**RECORDS SHOWN**

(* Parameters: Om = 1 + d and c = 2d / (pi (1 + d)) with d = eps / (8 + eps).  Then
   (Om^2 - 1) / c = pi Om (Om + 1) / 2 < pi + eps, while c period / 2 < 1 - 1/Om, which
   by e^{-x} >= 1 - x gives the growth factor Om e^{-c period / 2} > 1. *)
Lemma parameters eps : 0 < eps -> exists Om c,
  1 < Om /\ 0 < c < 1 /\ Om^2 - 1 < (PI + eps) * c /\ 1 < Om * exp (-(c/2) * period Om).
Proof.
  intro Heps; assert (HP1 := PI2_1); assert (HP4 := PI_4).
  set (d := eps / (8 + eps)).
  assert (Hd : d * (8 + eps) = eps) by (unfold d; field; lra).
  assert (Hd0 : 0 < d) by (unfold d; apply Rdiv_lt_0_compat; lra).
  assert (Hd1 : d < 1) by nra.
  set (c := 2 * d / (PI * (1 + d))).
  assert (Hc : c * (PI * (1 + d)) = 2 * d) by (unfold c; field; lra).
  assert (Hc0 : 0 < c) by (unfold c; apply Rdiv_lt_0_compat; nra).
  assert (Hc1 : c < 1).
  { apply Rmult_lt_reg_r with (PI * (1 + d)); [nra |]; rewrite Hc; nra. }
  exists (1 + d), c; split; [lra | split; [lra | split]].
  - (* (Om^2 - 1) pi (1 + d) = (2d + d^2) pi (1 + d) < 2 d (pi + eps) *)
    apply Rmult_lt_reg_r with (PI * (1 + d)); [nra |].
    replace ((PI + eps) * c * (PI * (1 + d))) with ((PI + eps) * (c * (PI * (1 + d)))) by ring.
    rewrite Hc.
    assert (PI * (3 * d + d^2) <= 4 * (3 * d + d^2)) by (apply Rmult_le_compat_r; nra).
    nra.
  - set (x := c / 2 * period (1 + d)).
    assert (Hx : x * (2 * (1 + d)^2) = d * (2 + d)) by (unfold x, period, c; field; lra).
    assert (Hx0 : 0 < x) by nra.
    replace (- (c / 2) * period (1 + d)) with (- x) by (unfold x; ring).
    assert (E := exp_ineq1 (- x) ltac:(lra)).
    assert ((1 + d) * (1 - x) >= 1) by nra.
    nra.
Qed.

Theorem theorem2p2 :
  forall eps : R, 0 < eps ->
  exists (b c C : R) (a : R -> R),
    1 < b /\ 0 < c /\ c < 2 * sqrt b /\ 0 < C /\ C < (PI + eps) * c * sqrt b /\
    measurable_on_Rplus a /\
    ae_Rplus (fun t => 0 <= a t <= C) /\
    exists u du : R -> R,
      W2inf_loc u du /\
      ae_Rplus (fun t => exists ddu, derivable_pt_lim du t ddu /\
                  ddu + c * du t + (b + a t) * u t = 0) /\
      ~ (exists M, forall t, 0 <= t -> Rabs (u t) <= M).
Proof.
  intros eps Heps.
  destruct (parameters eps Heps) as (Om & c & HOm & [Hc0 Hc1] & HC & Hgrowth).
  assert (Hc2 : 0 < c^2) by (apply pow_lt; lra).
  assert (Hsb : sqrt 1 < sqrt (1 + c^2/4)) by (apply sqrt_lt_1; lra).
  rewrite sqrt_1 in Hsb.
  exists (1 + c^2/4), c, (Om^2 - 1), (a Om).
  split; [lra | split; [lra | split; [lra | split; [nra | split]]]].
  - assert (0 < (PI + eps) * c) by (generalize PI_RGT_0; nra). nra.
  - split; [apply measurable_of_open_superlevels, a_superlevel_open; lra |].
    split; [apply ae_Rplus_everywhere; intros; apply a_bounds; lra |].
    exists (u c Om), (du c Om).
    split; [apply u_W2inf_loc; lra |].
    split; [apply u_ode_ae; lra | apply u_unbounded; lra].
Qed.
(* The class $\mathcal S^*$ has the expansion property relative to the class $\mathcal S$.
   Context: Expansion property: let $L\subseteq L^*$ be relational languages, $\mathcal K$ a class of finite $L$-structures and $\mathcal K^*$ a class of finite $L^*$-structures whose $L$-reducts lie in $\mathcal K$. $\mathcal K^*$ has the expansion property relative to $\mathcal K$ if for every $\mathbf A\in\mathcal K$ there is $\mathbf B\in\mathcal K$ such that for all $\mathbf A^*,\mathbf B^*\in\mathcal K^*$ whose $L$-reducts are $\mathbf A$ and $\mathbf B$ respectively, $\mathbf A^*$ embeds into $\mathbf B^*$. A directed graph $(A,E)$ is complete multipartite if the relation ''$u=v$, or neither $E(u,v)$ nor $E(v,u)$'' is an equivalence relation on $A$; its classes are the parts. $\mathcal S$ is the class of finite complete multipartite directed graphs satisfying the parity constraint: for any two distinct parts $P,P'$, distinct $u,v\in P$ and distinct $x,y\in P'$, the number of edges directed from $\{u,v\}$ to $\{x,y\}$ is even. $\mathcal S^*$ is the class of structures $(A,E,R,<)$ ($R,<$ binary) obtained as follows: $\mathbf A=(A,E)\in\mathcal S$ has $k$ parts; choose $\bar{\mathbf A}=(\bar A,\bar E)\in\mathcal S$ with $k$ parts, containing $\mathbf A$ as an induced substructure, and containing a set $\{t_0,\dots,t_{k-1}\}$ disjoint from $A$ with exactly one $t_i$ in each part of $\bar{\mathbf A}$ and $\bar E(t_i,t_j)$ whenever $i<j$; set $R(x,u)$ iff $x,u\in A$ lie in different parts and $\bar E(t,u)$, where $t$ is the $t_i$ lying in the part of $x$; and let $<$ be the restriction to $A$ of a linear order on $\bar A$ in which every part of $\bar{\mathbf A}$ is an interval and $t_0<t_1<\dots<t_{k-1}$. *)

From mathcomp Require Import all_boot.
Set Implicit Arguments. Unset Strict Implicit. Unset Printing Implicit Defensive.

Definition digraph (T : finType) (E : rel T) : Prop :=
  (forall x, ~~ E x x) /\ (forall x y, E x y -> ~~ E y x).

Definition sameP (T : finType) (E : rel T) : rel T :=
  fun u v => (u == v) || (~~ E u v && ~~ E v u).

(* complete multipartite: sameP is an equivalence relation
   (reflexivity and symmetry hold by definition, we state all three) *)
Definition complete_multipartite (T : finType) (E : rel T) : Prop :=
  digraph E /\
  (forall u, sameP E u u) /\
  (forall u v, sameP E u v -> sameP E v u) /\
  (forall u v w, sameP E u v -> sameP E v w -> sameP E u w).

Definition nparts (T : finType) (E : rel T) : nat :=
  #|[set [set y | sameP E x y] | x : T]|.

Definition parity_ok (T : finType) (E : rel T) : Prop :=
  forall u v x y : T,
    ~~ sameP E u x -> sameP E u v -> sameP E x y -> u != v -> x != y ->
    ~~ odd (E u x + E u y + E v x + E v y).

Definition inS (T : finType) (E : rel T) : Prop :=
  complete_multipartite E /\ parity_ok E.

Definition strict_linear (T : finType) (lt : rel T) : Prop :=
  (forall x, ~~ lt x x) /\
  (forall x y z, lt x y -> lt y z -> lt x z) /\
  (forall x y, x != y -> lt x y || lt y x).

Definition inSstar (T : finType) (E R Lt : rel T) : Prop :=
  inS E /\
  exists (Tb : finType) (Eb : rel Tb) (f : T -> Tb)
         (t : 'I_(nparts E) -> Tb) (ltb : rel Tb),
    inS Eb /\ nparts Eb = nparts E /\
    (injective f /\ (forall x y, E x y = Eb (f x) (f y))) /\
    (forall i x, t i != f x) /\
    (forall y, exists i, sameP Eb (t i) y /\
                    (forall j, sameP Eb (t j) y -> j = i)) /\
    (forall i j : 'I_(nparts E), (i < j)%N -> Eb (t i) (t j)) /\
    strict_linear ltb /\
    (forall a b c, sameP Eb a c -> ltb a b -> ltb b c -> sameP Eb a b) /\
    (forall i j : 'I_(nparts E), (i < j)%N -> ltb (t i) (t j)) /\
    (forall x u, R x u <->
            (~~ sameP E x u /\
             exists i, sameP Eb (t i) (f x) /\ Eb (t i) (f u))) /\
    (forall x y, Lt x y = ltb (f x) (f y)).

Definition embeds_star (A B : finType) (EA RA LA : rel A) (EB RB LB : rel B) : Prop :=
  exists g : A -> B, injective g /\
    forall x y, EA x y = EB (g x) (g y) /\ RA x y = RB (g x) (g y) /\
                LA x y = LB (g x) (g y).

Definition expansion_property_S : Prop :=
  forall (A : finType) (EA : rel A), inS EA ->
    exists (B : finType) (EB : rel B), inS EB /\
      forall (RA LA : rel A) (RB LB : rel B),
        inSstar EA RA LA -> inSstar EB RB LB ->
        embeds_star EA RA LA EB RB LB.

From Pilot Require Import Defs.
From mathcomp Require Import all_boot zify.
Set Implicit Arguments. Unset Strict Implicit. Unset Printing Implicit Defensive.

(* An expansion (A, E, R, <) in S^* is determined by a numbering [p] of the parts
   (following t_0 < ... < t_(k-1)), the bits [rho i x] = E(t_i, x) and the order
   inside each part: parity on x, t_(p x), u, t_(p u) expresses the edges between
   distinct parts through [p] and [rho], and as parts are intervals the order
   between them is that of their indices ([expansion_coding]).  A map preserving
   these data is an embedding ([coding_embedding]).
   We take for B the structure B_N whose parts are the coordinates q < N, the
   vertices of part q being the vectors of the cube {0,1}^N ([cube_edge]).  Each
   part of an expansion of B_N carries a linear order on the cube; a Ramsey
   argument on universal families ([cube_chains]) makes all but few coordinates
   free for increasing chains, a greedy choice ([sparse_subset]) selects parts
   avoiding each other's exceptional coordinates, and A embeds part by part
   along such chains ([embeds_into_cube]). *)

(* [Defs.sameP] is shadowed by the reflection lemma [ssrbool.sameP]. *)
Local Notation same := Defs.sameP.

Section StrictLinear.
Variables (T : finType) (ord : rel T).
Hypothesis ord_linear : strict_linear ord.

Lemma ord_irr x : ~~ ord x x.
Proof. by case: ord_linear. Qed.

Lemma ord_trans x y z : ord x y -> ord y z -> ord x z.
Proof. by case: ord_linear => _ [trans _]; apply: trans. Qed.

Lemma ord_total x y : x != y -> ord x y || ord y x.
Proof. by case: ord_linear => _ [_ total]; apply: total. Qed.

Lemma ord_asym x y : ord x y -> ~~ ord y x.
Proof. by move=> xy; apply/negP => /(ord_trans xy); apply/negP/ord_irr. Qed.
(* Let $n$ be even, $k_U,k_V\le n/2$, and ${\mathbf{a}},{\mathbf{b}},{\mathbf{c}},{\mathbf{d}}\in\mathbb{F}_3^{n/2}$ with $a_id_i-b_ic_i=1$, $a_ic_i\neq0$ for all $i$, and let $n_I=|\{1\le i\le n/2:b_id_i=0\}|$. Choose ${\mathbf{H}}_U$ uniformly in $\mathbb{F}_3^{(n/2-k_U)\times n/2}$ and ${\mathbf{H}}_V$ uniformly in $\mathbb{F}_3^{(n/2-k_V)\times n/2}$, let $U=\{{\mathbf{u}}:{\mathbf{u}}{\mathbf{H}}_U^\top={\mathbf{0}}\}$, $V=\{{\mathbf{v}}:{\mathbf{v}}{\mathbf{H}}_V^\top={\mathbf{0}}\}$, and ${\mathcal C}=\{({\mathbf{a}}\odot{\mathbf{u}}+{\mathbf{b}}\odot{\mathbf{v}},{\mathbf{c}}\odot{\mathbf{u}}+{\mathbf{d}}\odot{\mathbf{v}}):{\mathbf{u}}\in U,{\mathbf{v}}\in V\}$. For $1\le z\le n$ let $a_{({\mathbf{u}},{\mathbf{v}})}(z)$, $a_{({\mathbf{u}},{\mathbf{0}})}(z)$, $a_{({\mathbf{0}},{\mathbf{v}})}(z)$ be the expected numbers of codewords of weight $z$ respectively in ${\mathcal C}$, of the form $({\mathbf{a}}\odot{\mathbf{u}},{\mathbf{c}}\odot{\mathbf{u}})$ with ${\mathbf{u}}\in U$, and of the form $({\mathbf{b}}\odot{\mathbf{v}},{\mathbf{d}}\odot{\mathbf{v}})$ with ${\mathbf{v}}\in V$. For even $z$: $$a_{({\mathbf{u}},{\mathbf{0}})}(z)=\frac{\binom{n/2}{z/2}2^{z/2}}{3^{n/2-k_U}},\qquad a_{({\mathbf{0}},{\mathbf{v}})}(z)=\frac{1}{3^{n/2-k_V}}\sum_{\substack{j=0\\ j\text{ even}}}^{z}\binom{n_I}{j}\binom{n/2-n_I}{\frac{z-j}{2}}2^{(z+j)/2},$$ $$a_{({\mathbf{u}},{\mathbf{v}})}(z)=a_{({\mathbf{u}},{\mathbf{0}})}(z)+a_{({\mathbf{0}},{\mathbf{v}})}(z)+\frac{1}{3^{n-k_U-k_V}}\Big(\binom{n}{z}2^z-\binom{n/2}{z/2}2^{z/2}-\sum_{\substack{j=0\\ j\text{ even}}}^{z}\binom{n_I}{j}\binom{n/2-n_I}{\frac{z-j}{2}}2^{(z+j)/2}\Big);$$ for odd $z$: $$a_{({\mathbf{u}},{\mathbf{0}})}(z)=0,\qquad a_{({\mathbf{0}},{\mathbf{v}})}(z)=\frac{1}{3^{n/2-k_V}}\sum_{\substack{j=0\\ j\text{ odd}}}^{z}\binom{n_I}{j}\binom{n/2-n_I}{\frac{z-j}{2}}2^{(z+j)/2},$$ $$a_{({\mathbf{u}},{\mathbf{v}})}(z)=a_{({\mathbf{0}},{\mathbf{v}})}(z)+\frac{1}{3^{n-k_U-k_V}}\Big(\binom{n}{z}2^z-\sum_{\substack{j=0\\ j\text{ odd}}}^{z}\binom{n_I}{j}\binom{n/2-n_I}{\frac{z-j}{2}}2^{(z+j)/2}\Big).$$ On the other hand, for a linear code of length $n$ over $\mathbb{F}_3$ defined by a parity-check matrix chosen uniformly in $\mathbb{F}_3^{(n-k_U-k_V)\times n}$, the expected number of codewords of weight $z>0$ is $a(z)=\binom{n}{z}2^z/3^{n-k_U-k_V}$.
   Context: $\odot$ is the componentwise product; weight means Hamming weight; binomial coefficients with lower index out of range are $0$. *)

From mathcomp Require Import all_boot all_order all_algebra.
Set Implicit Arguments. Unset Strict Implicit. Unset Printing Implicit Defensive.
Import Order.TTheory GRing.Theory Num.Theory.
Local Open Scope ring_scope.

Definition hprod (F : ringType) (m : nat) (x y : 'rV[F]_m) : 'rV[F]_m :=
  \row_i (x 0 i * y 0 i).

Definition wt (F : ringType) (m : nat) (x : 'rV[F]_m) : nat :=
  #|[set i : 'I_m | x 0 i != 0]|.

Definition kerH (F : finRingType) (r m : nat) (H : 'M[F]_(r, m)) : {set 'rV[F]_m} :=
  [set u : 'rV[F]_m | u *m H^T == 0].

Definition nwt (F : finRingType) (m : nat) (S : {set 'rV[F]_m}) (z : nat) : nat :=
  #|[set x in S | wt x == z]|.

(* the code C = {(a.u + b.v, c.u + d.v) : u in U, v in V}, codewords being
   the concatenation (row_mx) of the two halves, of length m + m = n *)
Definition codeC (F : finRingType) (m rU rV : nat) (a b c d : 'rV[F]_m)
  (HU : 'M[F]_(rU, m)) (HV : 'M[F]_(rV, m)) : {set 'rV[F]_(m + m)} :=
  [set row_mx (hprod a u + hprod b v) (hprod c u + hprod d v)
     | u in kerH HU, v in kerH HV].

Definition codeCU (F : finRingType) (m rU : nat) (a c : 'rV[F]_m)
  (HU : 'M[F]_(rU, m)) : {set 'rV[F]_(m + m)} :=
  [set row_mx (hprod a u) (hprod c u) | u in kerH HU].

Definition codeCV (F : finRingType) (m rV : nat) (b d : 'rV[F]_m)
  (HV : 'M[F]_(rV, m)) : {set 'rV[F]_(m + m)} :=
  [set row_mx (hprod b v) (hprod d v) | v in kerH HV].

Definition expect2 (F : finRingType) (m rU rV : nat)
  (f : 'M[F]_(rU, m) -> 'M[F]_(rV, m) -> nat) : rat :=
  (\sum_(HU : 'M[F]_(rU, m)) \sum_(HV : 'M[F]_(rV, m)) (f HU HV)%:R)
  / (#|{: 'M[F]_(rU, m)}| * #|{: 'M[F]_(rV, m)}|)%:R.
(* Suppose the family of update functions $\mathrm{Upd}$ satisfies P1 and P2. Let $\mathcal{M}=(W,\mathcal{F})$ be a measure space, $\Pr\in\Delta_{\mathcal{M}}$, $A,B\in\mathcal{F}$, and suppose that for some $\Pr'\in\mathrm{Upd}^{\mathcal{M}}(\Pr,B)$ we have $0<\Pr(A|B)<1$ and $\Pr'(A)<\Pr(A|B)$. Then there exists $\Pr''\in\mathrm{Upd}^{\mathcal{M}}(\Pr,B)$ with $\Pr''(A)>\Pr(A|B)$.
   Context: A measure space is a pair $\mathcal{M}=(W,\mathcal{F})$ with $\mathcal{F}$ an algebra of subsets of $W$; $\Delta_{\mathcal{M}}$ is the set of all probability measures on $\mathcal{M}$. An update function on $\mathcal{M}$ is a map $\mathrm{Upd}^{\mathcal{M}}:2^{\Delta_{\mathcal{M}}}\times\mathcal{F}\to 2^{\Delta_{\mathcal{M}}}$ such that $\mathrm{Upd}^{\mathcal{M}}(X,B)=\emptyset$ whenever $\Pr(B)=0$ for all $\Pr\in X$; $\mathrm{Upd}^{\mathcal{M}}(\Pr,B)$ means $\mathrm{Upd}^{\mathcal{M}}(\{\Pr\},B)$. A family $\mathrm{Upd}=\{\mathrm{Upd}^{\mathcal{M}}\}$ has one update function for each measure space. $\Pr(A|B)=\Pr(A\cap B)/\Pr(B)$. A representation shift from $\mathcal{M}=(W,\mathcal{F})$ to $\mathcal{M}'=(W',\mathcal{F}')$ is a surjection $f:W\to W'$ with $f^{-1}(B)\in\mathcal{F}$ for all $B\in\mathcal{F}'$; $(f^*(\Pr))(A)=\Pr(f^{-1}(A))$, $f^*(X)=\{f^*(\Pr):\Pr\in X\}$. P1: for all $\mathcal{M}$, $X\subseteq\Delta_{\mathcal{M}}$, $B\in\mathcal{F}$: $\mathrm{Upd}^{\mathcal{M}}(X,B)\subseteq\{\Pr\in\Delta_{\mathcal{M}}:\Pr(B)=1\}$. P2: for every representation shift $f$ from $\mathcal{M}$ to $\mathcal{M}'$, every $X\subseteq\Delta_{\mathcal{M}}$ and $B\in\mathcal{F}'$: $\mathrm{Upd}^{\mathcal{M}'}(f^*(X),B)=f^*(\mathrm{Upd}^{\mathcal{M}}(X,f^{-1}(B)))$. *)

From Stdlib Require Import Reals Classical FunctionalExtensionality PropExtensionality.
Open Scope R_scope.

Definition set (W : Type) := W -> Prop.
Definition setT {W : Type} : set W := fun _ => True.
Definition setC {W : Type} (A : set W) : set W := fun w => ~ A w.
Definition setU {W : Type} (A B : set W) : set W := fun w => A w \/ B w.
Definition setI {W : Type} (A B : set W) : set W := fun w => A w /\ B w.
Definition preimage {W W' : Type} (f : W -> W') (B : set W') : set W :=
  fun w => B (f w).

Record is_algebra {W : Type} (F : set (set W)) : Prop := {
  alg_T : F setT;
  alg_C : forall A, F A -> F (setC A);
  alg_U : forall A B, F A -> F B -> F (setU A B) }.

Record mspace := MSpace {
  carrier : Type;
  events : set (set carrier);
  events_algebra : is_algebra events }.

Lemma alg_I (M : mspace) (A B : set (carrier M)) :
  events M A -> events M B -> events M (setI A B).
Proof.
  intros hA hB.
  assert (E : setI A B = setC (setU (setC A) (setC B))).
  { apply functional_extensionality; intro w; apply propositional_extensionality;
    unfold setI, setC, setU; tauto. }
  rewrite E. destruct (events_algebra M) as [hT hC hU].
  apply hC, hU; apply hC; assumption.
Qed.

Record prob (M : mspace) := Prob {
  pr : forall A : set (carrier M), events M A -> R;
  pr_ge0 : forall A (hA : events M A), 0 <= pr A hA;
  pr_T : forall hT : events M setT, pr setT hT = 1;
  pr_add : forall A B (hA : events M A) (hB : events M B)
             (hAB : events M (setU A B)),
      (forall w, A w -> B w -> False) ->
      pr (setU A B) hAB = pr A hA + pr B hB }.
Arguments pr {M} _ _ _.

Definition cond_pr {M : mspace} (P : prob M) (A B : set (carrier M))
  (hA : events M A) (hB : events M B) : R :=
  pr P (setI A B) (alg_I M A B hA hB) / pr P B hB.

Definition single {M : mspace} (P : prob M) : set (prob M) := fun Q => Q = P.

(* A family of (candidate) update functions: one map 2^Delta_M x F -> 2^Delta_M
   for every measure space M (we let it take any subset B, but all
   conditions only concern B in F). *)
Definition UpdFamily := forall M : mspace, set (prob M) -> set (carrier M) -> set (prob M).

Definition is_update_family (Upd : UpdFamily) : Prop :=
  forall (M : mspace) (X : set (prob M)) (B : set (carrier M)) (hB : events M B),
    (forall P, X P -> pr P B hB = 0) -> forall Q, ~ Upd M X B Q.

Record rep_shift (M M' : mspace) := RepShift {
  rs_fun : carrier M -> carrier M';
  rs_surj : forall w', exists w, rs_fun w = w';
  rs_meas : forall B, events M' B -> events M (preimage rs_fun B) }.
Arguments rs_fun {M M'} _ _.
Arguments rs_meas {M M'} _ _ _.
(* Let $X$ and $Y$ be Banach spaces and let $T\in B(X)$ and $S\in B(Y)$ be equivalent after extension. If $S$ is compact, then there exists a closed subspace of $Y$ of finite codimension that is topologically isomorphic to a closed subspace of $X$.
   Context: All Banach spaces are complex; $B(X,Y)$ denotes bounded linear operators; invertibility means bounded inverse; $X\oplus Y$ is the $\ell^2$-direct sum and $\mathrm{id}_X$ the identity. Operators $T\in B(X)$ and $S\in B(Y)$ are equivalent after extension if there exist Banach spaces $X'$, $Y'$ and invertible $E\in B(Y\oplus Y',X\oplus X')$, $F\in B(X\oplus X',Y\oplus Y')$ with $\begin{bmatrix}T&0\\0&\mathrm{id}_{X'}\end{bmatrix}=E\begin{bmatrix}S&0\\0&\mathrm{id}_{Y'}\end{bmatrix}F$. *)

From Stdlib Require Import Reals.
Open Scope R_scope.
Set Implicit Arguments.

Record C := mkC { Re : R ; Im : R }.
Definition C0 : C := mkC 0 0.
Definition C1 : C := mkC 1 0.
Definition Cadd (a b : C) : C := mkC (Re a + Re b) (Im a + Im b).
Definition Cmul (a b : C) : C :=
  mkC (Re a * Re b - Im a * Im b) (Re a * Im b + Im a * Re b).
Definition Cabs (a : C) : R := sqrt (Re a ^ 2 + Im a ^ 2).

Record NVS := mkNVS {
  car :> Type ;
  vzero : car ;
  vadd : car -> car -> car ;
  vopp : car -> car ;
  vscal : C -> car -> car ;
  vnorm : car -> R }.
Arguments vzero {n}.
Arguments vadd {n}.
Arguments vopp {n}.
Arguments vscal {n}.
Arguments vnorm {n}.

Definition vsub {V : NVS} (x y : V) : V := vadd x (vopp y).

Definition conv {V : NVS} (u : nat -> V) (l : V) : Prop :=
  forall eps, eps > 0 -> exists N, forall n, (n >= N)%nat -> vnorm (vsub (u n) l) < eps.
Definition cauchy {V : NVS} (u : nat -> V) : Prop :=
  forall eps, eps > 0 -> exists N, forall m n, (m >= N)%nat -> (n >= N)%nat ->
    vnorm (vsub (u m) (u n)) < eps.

**YOUR INSTRUCTIONS**
Wherever "Banach" occurs in the entries above, copy the line it sits on.

**SOLUTION TO THIS EXERCISE**
(* Let $X$ and $Y$ be Banach spaces and let $T\in B(X)$ and $S\in B(Y)$ be equivalent after extension. If $S$ is compact, then there exists a closed subspace of $Y$ of finite codimension that is topologically isomorphic to a closed subspace of $X$.
   Context: All Banach spaces are complex; $B(X,Y)$ denotes bounded linear operators; invertibility means bounded inverse; $X\oplus Y$ is the $\ell^2$-direct sum and $\mathrm{id}_X$ the identity. Operators $T\in B(X)$ and $S\in B(Y)$ are equivalent after extension if there exist Banach spaces $X'$, $Y'$ and invertible $E\in B(Y\oplus Y',X\oplus X')$, $F\in B(X\oplus X',Y\oplus Y')$ with $\begin{bmatrix}T&0\\0&\mathrm{id}_{X'}\end{bmatrix}=E\begin{bmatrix}S&0\\0&\mathrm{id}_{Y'}\end{bmatrix}F$. *)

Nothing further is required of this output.